I have heard it said that “All things are possible with love”. Well, I am going to tell you, in my life, right now, love is making everything impossible. Exhale. For those of you that know me, you know that I write regularly about fashion, relationships, and all things that most women would want to read about. I also, under a pseudonym, author a very steamy, sexy blog. Oh, I left out successful. Or at least it was.
You see, I was able to draw a lot of inspiration from my moments with The One, and I could translate that into sexy, steamy tales that make even the most flaccid man salute. But as we became more and more serious, I had a hard time taking our most private moments, and putting them out there for all of the world to see. We talked about it, and he had NO problem at all with it. I even at one point took a story from real life, and used it, and got rave reviews. Of course, that confirmed what I already knew, that we had a great sex life. But then, in my ridiculous mind, I began to wonder. How far can I go? How much can I push, and at what point does my writing become just sex, and the reality and fantasy all crash and become one huge blur? And, if indeed this were to be even a remote possibility, is it something that I want to chance? No. It is not. So for the sake of love, true love, I put our relationship, our intimate moments at least, away for only he and I to know about. The result? My complete inability to write. About sex.
Thinking that I would just reach into a corner of my mind where perhaps an old encouter resided, I dove into a place, and pulled out a sexy man I once knew. I was able to pen the entire story, the meeting, the kiss, the eye contact, every single thing that happened, until I got to the sex. COMPLETE BLOCK. I went so far as to send it to The One and ask him how he felt, and again he was fine with it.
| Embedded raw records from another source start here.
Definition cb_norm (sigma : G -> G -> C) (phi : G -> C) : \bar R :=
  ereal_inf [set (c%:E)%E | c in cb_bound sigma phi].

Definition schur_mult (K : G -> G -> C) (A : G -> G -> C) : G -> G -> C :=
  fun s t => K s t * A s t.

Definition schur_bound (K : G -> G -> C) (c : R) :=
  0 <= c /\ forall (A : G -> G -> C) (d : R),
    bounded_by A d -> bounded_by (schur_mult K A) (c * d).

Definition is_schur_multiplier (K : G -> G -> C) := exists c, schur_bound K c.

Definition schur_norm (K : G -> G -> C) : \bar R :=
  ereal_inf [set (c%:E)%E | c in schur_bound K].

Definition K_of (phi : G -> C) : G -> G -> C := fun s t => phi (mul s (inv t)).

End TwistedMultipliers.

(* If [K_phi] is a Schur multiplier,
   then so is its amplification to block matrices (pair a block matrix with block vectors,
   normalise by their pointwise l2-norms, and apply the scalar bound); since the matrix of
   [M_phi x] is the Schur product of [K_phi] with that of [x], [M_phi] is completely bounded.
   Conversely, a finite section [(A (s_i, s_j))] of a bounded matrix [A] is realised as the
   [(s_i, s_j)] entries of the block matrix [(c_ij Lambda_sigma(s_i s_j^-1))_(i,j)] with
   unimodular [c_ij]; by the cocycle identity this block matrix is, after the change of
   variables [u = s_i w], a direct sum over [w] of copies of the section, hence no larger
   than [A], and evaluating [id (x) M_phi] on it at those entries yields [K_phi o A]. So the
   cb-bounds of [M_phi] are exactly the Schur bounds of [K_phi], whatever [sigma]. *)

From mathcomp Require Import all_boot all_order all_algebra.
From mathcomp Require Import complex.
From mathcomp Require Import boolp classical_sets reals constructive_ereal ereal.
From mathcomp Require Import ring lra.
Set Implicit Arguments. Unset Strict Implicit. Unset Printing Implicit Defensive.
Import Order.TTheory GRing.Theory Num.Theory.
Local Open Scope complex_scope.
Local Open Scope ring_scope.

Lemma big_pick (V : nmodType) (T : eqType) (S : seq T) (a : T) (F : T -> V) :
  uniq S -> \sum_(u <- S) (if u == a then F u else 0) = if a \in S then F a else 0.
Proof.
move=> uS; case: ifP => aS.
  rewrite (big_rem a) //= eqxx big1_seq ?addr0 // => u /andP[_ uin].
  by case: eqP uin => // ->; rewrite mem_rem_uniqF.
by rewrite big1_seq // => u /andP[_ uin]; case: eqP uin => // ->; rewrite aS.
Qed.

Lemma exchange_big_pair (V : nmodType) (I J U W : Type)
    (rI : seq I) (rJ : seq J) (rU : seq U) (rW : seq W) (F : U -> W -> I -> J -> V) :
  \sum_(s <- rU) \sum_(t <- rW) \sum_(i <- rI) \sum_(j <- rJ) F s t i j =
  \sum_(i <- rI) \sum_(j <- rJ) \sum_(s <- rU) \sum_(t <- rW) F s t i j.
Proof.
under eq_bigr => s _ do rewrite exchange_big /=.
under eq_bigr => s _ do under eq_bigr => i _ do rewrite exchange_big /=.
by rewrite exchange_big /=; apply: eq_bigr => i _; rewrite exchange_big.
Qed.

Lemma big_pick2 (V : nmodType) (T : eqType) (S : seq T) (a b : T) (F : T -> T -> V) :
  uniq S -> a \in S -> b \in S ->
  \sum_(u <- S) \sum_(v <- S) (if u == a then (if v == b then F u v else 0) else 0) = F a b.
Proof.
move=> uS aS bS.
rewrite (eq_bigr (fun u => if u == a then \sum_(v <- S) (if v == b then F u v else 0) else 0));
  last by move=> u _; case: eqP => // _; rewrite big1.
by rewrite big_pick // aS big_pick // bS.
Qed.

Lemma big_seq_nth (V : nmodType) (T : Type) (x0 : T) (S : seq T) (F : T -> V) :
  \sum_(s <- S) F s = \sum_(i < size S) F (nth x0 S i).
Proof. by rewrite (big_nth x0) big_mkord. Qed.

Section CauchySchwarz.
Variable R : realType.

(* Termwise [a_w^2 <= D p_w q_w] sums up, since [2 a_w a_v <= D (p_w q_v + p_v q_w)] by AM-GM. *)
Lemma sqr_sum_le_mul_sum (I : Type) (W : seq I) (a p q : I -> R) (D : R) :
  0 <= D -> (forall w, [/\ 0 <= a w, 0 <= p w & 0 <= q w]) ->
  (forall w, a w ^+ 2 <= D * p w * q w) ->
  (\sum_(w <- W) a w) ^+ 2 <= D * (\sum_(w <- W) p w) * (\sum_(w <- W) q w).
Proof.
move=> D0 hpos hb; elim: W => [|w W IH]; first by rewrite !big_nil expr0n /= mulr0.
rewrite !big_cons.
set A := \sum_(w <- W) a w in IH *; set P := \sum_(w <- W) p w in IH *.
set Q := \sum_(w <- W) q w in IH *.
have [a0 p0 q0] := hpos w; have hw := hb w.
have A0 : 0 <= A by apply: sumr_ge0 => i _; case: (hpos i).
have P0 : 0 <= P by apply: sumr_ge0 => i _; case: (hpos i).
have Q0 : 0 <= Q by apply: sumr_ge0 => i _; case: (hpos i).
have prod_le : (a w * A) ^+ 2 <= (D * p w * q w) * (D * P * Q).
  by rewrite exprMn; apply: ler_pM; rewrite ?sqr_ge0.
have amgm : 4 * ((D * p w * q w) * (D * P * Q)) <= (D * (p w * Q + P * q w)) ^+ 2.
  have sq0 : 0 <= D ^+ 2 * (p w * Q - P * q w) ^+ 2 by rewrite mulr_ge0 ?sqr_ge0.
  by rewrite -subr_ge0; apply: le_trans sq0 _; rewrite le_eqVlt; apply/orP; left; apply/eqP; ring.
have cross : 2 * (a w * A) <= D * (p w * Q + P * q w).
  have r0 : 0 <= D * (p w * Q + P * q w) by rewrite mulr_ge0 // addr_ge0 // mulr_ge0.
  have l0 : 0 <= 2 * (a w * A) by rewrite mulr_ge0 // mulr_ge0.
  rewrite -(ler_pXn2r (_ : (0 < 2)%N)) ?nnegrE //.
  by apply: le_trans amgm; rewrite exprMn; nra.
nra.
Qed.

Local Notation C := R[i].

Lemma sqr_norm_sum_le_mul_sum (I : Type) (W : seq I) (z P Q : I -> C) (D : R) :
  0 <= D -> (forall w, 0 <= P w /\ 0 <= Q w) ->
  (forall w, `|z w| ^+ 2 <= D%:C * P w * Q w) ->
  `|\sum_(w <- W) z w| ^+ 2 <= D%:C * (\sum_(w <- W) P w) * (\sum_(w <- W) Q w).
Proof.
move=> D0 hpos hb.
pose a w := complex.Re `|z w|; pose p w := complex.Re (P w); pose q w := complex.Re (Q w).
have ReE (x : C) : 0 <= x -> (complex.Re x)%:C = x by move=> h; rewrite RRe_real // ger0_real.
have aE w : (a w)%:C = `|z w| by rewrite ReE.
have pE w : (p w)%:C = P w by rewrite ReE //; case: (hpos w).
have qE w : (q w)%:C = Q w by rewrite ReE //; case: (hpos w).
have apq0 w : [/\ 0 <= a w, 0 <= p w & 0 <= q w].
  case: (hpos w); rewrite -pE -qE !ler0c => -> ->.
  by have := normr_ge0 (z w); rewrite -aE ler0c => ->.
have apq_le w : a w ^+ 2 <= D * p w * q w.
  by have := hb w; rewrite -aE -pE -qE -rmorphXn -!rmorphM lecR.
have sumE f g : (forall w, (f w)%:C = g w) ->
    (\sum_(w <- W) f w)%:C = \sum_(w <- W) g w :> C.
  by move=> fg; rewrite rmorph_sum; apply: eq_bigr => w _; exact: fg.
apply: (@le_trans _ _ ((\sum_(w <- W) `|z w|) ^+ 2)).
  by rewrite lerXn2r ?nnegrE ?ler_norm_sum // sumr_ge0.
rewrite -(sumE _ _ aE) -(sumE _ _ pE) -(sumE _ _ qE) -rmorphXn -!rmorphM lecR.
exact: sqr_sum_le_mul_sum.
Qed.

End CauchySchwarz.

Lemma bounded_by_nth (R : realType) (G : eqType) (x0 : G) (A : G -> G -> R[i]) d (S : seq G) :
  bounded_by A d -> uniq S ->
  forall x y : 'I_(size S) -> R[i],
  `|\sum_(i < size S) \sum_(j < size S) y i * A (nth x0 S i) (nth x0 S j) * x j| ^+ 2
  <= (d ^+ 2)%:C * (\sum_(j < size S) `|x j| ^+ 2) * (\sum_(i < size S) `|y i| ^+ 2).
Proof.
move=> HA uS x y.
pose lift (f : 'I_(size S) -> R[i]) s := oapp f 0 (insub (index s S) : option 'I_(size S)).
have liftE f (i : 'I_(size S)) : lift f (nth x0 S i) = f i.
  by rewrite /lift index_uniq // valK.
have := HA S uS (lift x) (lift y).
rewrite !(big_seq_nth x0); under eq_bigr => i _ do rewrite (big_seq_nth x0).
have liftS f : \sum_(i < size S) `|lift f (nth x0 S i)| ^+ 2 = \sum_(i < size S) `|f i| ^+ 2.
  by apply: eq_bigr => i _; rewrite liftE.
rewrite !liftS; under eq_bigr => i _ do under eq_bigr => j _ do rewrite !liftE.
by [].
Qed.

Section SchurAmplification.
Variable R : realType.
Local Notation C := R[i].

Definition l2norm {n} (f : 'I_n -> C) : C := sqrtC (\sum_(i < n) `|f i| ^+ 2).

Lemma l2norm_ge0 n (f : 'I_n -> C) : 0 <= l2norm f.
Proof. by rewrite sqrtC_ge0 sumr_ge0 // => i _; rewrite exprn_ge0. Qed.

Lemma sqr_norm_l2norm n (f : 'I_n -> C) : `|l2norm f| ^+ 2 = \sum_(i < n) `|f i| ^+ 2.
Proof. by rewrite ger0_norm ?l2norm_ge0 // sqrtCK. Qed.

(* Also true when [l2norm f = 0], since then every [f i] vanishes. *)
Lemma l2norm_divK n (f : 'I_n -> C) i : l2norm f * (l2norm f)^-1 * f i = f i.
Proof.
have [/eqP|nz] := eqVneq (l2norm f) 0; last by rewrite mulfV // mul1r.
rewrite sqrtC_eq0 => /eqP sum0.
have : `|f i| ^+ 2 = 0 by apply: (psumr_eq0P _ sum0) => // j _; rewrite exprn_ge0.
by move/eqP; rewrite expf_eq0 /= normr_eq0 => /eqP ->; rewrite mulr0.
Qed.
Lemma mexP l : [/\ 0 < mex l, mex l \notin l & forall m, 0 < m < mex l -> m \in l].
Proof.
rewrite /mex; set r := iota 1 (size l).+1.
have [m [s r_eq]] : exists m s, [seq x <- r | x \notin l] = m :: s.
  case r_eq: [seq x <- r | x \notin l] => [|m s]; last by exists m, s.
  have r_l : {subset r <= l}.
    by move=> x xr; apply: contraT => xNl; rewrite -(in_nil x) -r_eq mem_filter xNl.
  by have := uniq_leq_size (iota_uniq _ _) r_l; rewrite size_iota ltnn.
have := mem_head m s; rewrite -r_eq mem_filter mem_iota => /andP[mNl m_bounds].
have m_min : all (fun x => m < x) s.
  apply: order_path_min ltn_trans _; rewrite -/(sorted ltn (m :: s)) -r_eq.
  by rewrite sorted_filter ?iota_ltn_sorted //; apply: ltn_trans.
rewrite r_eq /=; split => // [|x /andP[x_gt0 x_lt]]; first by lia.
have x_in : x \notin l -> x \in m :: s.
  by move=> xNl; rewrite -r_eq mem_filter xNl mem_iota; lia.
apply: contraTT x_lt => /x_in.
by rewrite inE => /predU1P[-> | /(allP m_min)]; lia.
Qed.

Lemma mex_eq l k :
  0 < k -> k \notin l -> (forall m, 0 < m < k -> m \in l) -> mex l = k.
Proof.
move=> k_gt0 kNl below_k; have [mex_gt0 mexNl below_mex] := mexP l.
apply/eqP; case: (ltngtP (mex l) k) => [mex_lt | k_lt |] //.
  by rewrite below_k ?mex_gt0 in mexNl.
by rewrite below_mex ?k_gt0 in kNl.
Qed.

Definition hfixed_at (h : int) (k : nat) (l : seq nat) (s : nat) : bool :=
  (nth 0 l s.-1 == k) && (Posz (nth 0 l s.-1 + (size l - s)) == (Posz s + h)%R).

(* For [l = top ++ k :: bot] the part [k] has index [s = size top + 1] and
   [t - s = size bot]. *)
Definition hfixed_cut (h : int) (k : nat) (top bot : seq nat) : bool :=
  (Posz (k + size bot) == Posz (size top).+1 + h)%R.

Lemma has_hfixed_hookE h k l :
  has_hfixed_hook h k l = has (hfixed_at h k l) (iota 1 (size l)).
Proof. by []. Qed.

Lemma hfixed_at_cat h k top bot :
  hfixed_at h k (top ++ k :: bot) (size top).+1 = hfixed_cut h k top bot.
Proof.
rewrite /hfixed_at /hfixed_cut /= nth_cat ltnn subnn eqxx size_cat /=.
by rewrite addnS subSS addKn.
Qed.

Lemma hfixed_at_uniq h k l s1 s2 : s1 <= size l -> s2 <= size l ->
  hfixed_at h k l s1 -> hfixed_at h k l s2 -> s1 = s2.
Proof. by move=> + + /andP[/eqP-> /eqP c1] /andP[/eqP-> /eqP c2]; lia. Qed.

Lemma hfixed_hookP h k l :
  reflect (exists top bot, l = top ++ k :: bot /\ hfixed_cut h k top bot)
          (has_hfixed_hook h k l).
Proof.
rewrite has_hfixed_hookE; apply: (iffP hasP) => [[s] | [top [bot [-> cut]]]].
  rewrite mem_iota => s_bounds s_hook.
  have s_lt : s.-1 < size l by lia.
  have l_eq : l = take s.-1 l ++ k :: drop s l.
    case/andP: s_hook => /eqP nth_s _.
    by rewrite -{1}(cat_take_drop s.-1 l) (drop_nth 0 s_lt) nth_s prednK //; lia.
  exists (take s.-1 l), (drop s l); split => //.
  by rewrite -hfixed_at_cat -l_eq size_takel ?prednK //; lia.
exists (size top).+1; last by rewrite hfixed_at_cat.
by rewrite mem_iota size_cat /=; lia.
Qed.

(* [find] returns [s - 1] for the first hook index [s]. *)
Definition hook_cut (h : int) (k : nat) (l : seq nat) : seq nat * seq nat :=
  let i := find (hfixed_at h k l) (iota 1 (size l)) in (take i l, drop i.+1 l).
Lemma dvdRq_is_ideal f : f \is a polyOver R -> is_ideal R (dvdRq R f).
Proof.
move=> Rf; split=> [_ [h Rh ->]||_ _ [h Rh ->] [h' Rh' ->]|a _ Ra [h Rh ->]].
- exact: rpredM.
- by exists 0; rewrite ?mul0r //; apply: rpred0.
- by exists (h + h'); rewrite ?mulrDl //; apply: rpredD.
- by exists (a * h); rewrite ?mulrA //; apply: rpredM.
Qed.

Section Ideal.

Variable J : {poly algC} -> Prop.
Hypothesis J_ideal : is_ideal R J.

Lemma idealMl a p : a \is a polyOver R -> J p -> J (a * p).
Proof. by case: J_ideal => _ _ _; apply. Qed.

Lemma idealN p : J p -> J (- p).
Proof. by rewrite -mulN1r; apply: idealMl; rewrite rpredN rpred1. Qed.

Lemma idealB p q : J p -> J q -> J (p - q).
Proof. by case: J_ideal => _ _ JD _ Jp /idealN; apply: JD. Qed.

Lemma ideal_sum (I : Type) (r : seq I) (P : pred I) (F : I -> {poly algC}) :
  (forall i, P i -> J (F i)) -> J (\sum_(i <- r | P i) F i).
Proof. by case: J_ideal => _ J0 JD _; apply: big_ind. Qed.

Lemma ideal_series_tail T c m n : (forall k, c k \is a polyOver R) ->
  (forall k, (m <= k)%N -> J (T k)) -> (m <= n)%N -> J (series T c n - series T c m).
Proof.
move=> Rc JT le_mn; rewrite seriesB // big_nat_cond.
by apply: ideal_sum => k /andP[/andP[le_mk _] _]; apply/idealMl/JT.
Qed.

End Ideal.

Lemma ideal_pow_is_ideal I j : is_ideal R I -> is_ideal R (ideal_pow R I j).
Proof.
move=> I_ideal; elim: j => [|j IHj] /=; first exact: polyOver_is_ideal.
have [Isub _ _ _] := I_ideal; have [Jsub _ _ JM] := IHj.
split.
- move=> _ [n [a [b [ab ->]]]]; apply: rpred_sum => k _.
  by have [/Jsub Ra /Isub Rb] := ab k; apply: rpredM.
- by exists 0%N, (fun _ => 0), (fun _ => 0); rewrite big_ord0; split=> // [[]].
- move=> _ _ [n1 [a1 [b1 [ab1 ->]]]] [n2 [a2 [b2 [ab2 ->]]]].
  pose glue (x1 : 'I_n1 -> {poly algC}) (x2 : 'I_n2 -> {poly algC}) k :=
    match split k with inl i => x1 i | inr i => x2 i end.
  exists (n1 + n2)%N, (glue a1 a2), (glue b1 b2); split.
    by move=> k; rewrite /glue; case: (split k).
  rewrite big_split_ord; congr (_ + _); apply: eq_bigr => i _.
    by rewrite /glue (unsplitK (inl _)).
  by rewrite /glue (unsplitK (inr _)).
- move=> c _ Rc [n [a [b [ab ->]]]]; exists n, (fun k => c * a k), b; split.
    by move=> k; have [/(JM _ _ Rc) ? ?] := ab k.
  by rewrite mulr_sumr; apply: eq_bigr => k _; rewrite mulrA.
Qed.

Lemma ideal_pow1 I p : is_ideal R I -> ideal_pow R I 1 p -> I p.
Proof.
move=> I_ideal [n [a [b [ab ->]]]]; apply: (ideal_sum I_ideal) => k _.
by have [Ra Ib] := ab k; apply: idealMl.
Qed.

Lemma ideal_pow_exp I p i j : is_ideal R I -> I p -> (j <= i)%N -> ideal_pow R I j (p ^+ i).
Proof.
move=> I_ideal Ip le_ji; have [Isub _ _ _] := I_ideal.
have pj_in : ideal_pow R I j (p ^+ j).
  elim: j {le_ji} => [|j IHj] /=; first by rewrite /inRq rpredX ?Isub.
  by exists 1%N, (fun _ => p ^+ j), (fun _ => p); rewrite big_ord1 exprSr.
rewrite -(subnK le_ji) exprD; apply: (idealMl (ideal_pow_is_ideal j I_ideal)) pj_in.
by rewrite rpredX ?Isub.
Qed.

Section Completion.

Variable S : nat -> Prop.

Lemma complS_cst c : c \is a polyOver R -> complS R S (fun _ => c).
Proof.
move=> Rc; split=> // f g Sf _ _; rewrite subrr.
by case: (dvdRq_is_ideal (PhiS_polyOver Sf)).
Qed.

Lemma complS_B x x' : complS R S x -> complS R S x' -> complS R S (fun f => x f - x' f).
Proof.
move=> [Rx x_compat] [Rx' x'_compat].
split=> [f Sf|f g Sf Sg fg]; first by rewrite /inRq rpredB ?Rx ?Rx'.
have -> : x g - x' g - (x f - x' f) = (x g - x f) - (x' g - x' f) by ring.
by apply: (idealB (dvdRq_is_ideal (PhiS_polyOver Sf))); [apply: x_compat | apply: x'_compat].
Qed.
Lemma continuous_Cap0_comp f : continuous f -> continuous (fun p => Cap0 (f p)).
Proof.
move=> cf p; apply: (@continuous_comp _ _ _ f Cap0); first exact: cf.
rewrite /Cap0 /Cap (_ : Rpower.ln = @exp.ln R); last by apply: funext => y; rewrite RlnE.
apply: (@continuous_comp _ _ _ (fun x => 1 + Rmax 0 x) (@exp.ln R)).
  rewrite (_ : (fun x => 1 + Rmax 0 x) = (fun x => 1 + (cst 0 \max id) x)).
    apply: (@continuousD R R^o R (fun _ => 1)); first exact: cst_continuous.
    by apply: continuous_max; [exact: cst_continuous | exact: cvg_id].
  by apply: funext => y; rewrite RmaxE.
have pos : 0 < 1 + Rmax 0 (f p) by have := Rmax_l 0 (f p); lra.
by apply: continuous_ln; apply/RltP.
Qed.

Lemma continuous_fst_comp (U V : topologicalType) (f : T -> U * V) :
  continuous f -> continuous (fun p => (f p).1).
Proof. by move=> cf p; apply: (@continuous_comp _ _ _ f fst); [exact: cf | exact: cvg_fst].
Qed.

Lemma continuous_snd_comp (U V : topologicalType) (f : T -> U * V) :
  continuous f -> continuous (fun p => (f p).2).
Proof. by move=> cf p; apply: (@continuous_comp _ _ _ f snd); [exact: cf | exact: cvg_snd].
Qed.

End ContinuousRealFunctions.

Ltac solve_continuous :=
  cbv beta;
  lazymatch goal with
  | |- forall x, continuous_at x ?F =>
    lazymatch F with
    | fun _ => ?c => exact: cst_continuous
    | fst => move=> ?; exact: cvg_fst
    | snd => move=> ?; exact: cvg_snd
    | fun p => fst (@?f p) => apply: continuous_fst_comp; solve_continuous
    | fun p => snd (@?f p) => apply: continuous_snd_comp; solve_continuous
    | fun p => Rplus (@?f p) (@?h p) => apply: continuous_Rplus; solve_continuous
    | fun p => Rmult (@?f p) (@?h p) => apply: continuous_Rmult; solve_continuous
    | fun p => Ropp (@?f p) => apply: continuous_Ropp; solve_continuous
    | fun p => Rmin (@?f p) (@?h p) => apply: continuous_Rmin; solve_continuous
    | fun p => sqrt (@?f p) => apply: continuous_sqrt_comp; solve_continuous
    | fun p => Cap0 (@?f p) => apply: continuous_Cap0_comp; solve_continuous
    end
  end.

Definition unit_box (p : R * R * R * R) : Prop :=
  [/\ 0 <= p.1.1.1 <= 1, 0 <= p.1.1.2 <= 1, 0 <= p.1.2 <= 1 & 0 <= p.2 <= 1].

Lemma unit_box_argmax (f : R * R * R * R -> R) : continuous f ->
  exists2 c, unit_box c & forall p, unit_box p -> f p <= f c.
Proof.
move=> cf; set I : set R := `[0%R, 1%R]%classic.
have memI y : I y <-> 0 <= y <= 1.
  rewrite /I /= in_itv /=; split; first by move=> /andP[/RleP ? /RleP ?].
  by move=> [? ?]; apply/andP; split; apply/RleP.
have boxE p : (I `*` I `*` I `*` I)%classic p <-> unit_box p.
  by rewrite /= !memI; split => [[[[? ?] ?] ?] | []].
set K := (I `*` I `*` I `*` I)%classic.
have K0 : (K !=set0)%classic by exists (0, 0, 0, 0); apply/boxE; split => /=; lra.
have cI : compact I by exact: segment_compact.
have cK : compact K.
  by apply: compact_setX => //; apply: compact_setX => //; apply: compact_setX.
have [c Kc cmax] := compact_EVT_max K0 cK (continuous_subspaceT cf).
exists c; first by apply/boxE; move: Kc; rewrite inE.
by move=> p /boxE Kp; apply/RleP/cmax; rewrite inE.
Qed.

Section ReducedProblem.

Variables (g : gains) (P mu : R).
Hypotheses (g21_ge0 : 0 <= g21 g) (g2r_ge0 : 0 <= g2r g) (g12_ge0 : 0 <= g12 g)
  (g1r_ge0 : 0 <= g1r g) (P_gt0 : 0 < P) (mu01 : 0 <= mu <= 1).

Definition power_feasible (x : wsr_var) : Prop :=
  0 <= al1 x /\ 0 <= al2 x /\ 0 <= be1 x /\ 0 <= be2 x /\ 0 <= be3 x /\ 0 <= k1 x /\
  0 <= k2 x /\ al1 x + be1 x <= P /\ al2 x + be2 x <= P /\
  k1 x * al1 x + k2 x * al2 x + be3 x <= P.

Lemma wsr_feasible_powers x : wsr_feasible g P x -> power_feasible x.
Proof. by move=> [_ [_ [? [? [? [? [? [? [? [_ [_ [_ [? [? ?]]]]]]]]]]]]]]; repeat split. Qed.

Definition wsr_value (x : wsr_var) : R :=
  pentagon_max mu (Rmin (J1 g x) (J2 g P x)) (Rmin (J3 g x) (J4 g P x)) (J5 g x).

Lemma wsr_obj_le_value x : wsr_feasible g P x -> wsr_obj mu x <= wsr_value x.
Proof.
move=> [_ [_ [_ [_ [_ [_ [_ [_ [_ [R1_le [R2_le [R12_le _]]]]]]]]]]]].
exact: pentagon_max_ub.
Qed.

Lemma link_rates_range x : power_feasible x ->
  (0 <= Rmin (J1 g x) (J2 g P x) <= J5 g x) /\ (0 <= Rmin (J3 g x) (J4 g P x) <= J5 g x).
Proof.
move=> [al1_ge0 [al2_ge0 [be1_ge0 [be2_ge0 [be3_ge0 [k1_ge0 [k2_ge0 _]]]]]]].
have gb1 : 0 <= gr1 g ^ 2 * be1 x by apply: Rmult_le_pos => //; apply: pow2_ge_0.
have gb2 : 0 <= gr2 g ^ 2 * be2 x by apply: Rmult_le_pos => //; apply: pow2_ge_0.
have snr_ge0 h d a r : 0 <= h -> 0 <= d -> 0 <= r -> 0 <= Cap (relay_snr P h d a r (be3 x)).
  by move=> *; apply/Cap_ge0/relay_snr_ge0 => //; lra.
rewrite J2_relay_snr // J4_relay_snr //.
split; split.
- by apply: Rmin_glb; [apply: Cap_ge0 | apply: snr_ge0 => //; apply: Rmult_le_pos].
- by apply: Rle_trans (Rmin_l _ _) _; apply: Cap_le; lra.
- by apply: Rmin_glb; [apply: Cap_ge0 | apply: snr_ge0 => //; apply: Rmult_le_pos].
- by apply: Rle_trans (Rmin_l _ _) _; apply: Cap_le; lra.
Qed.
I believe I even said for him to finish it, or write an outline, and I would get creative and fill in the pieces. Of course he did not, because he, unlike me, has some sort of sanity. Certain that one day I will find a way to overcome this problem, I vowed to myself that I will just love him daily, and let our relationship be the main focus. And I start to think lately, that I can so do this.
And then, when it could not get any worse, it does. Love, once again goes and destroys everything. Not his love. The other love, from family. My family somehow discovers my sex blog. My dirty porn blog, where I use words that would get me a one way ticket to hell. Where men do things to “me” that they had no idea people even thought of, much less their own daughter. This all occurs at some ungodly hour of the night too, when I am not even at my best to think of what to say.
I get a text message from my sister, with a picture of her computer screen on my blog. She then sends a scathing message, expressing her disgust and disappointment in the whole thing. I reply to her that she needs to calm down, its writing, not reality. Too late, my parents have seen it, and my cousins and family that is at the house, having all gone there after the family reunion. It is now complete and total chaos. My phone wont stop ringing, and I don’t know what to do.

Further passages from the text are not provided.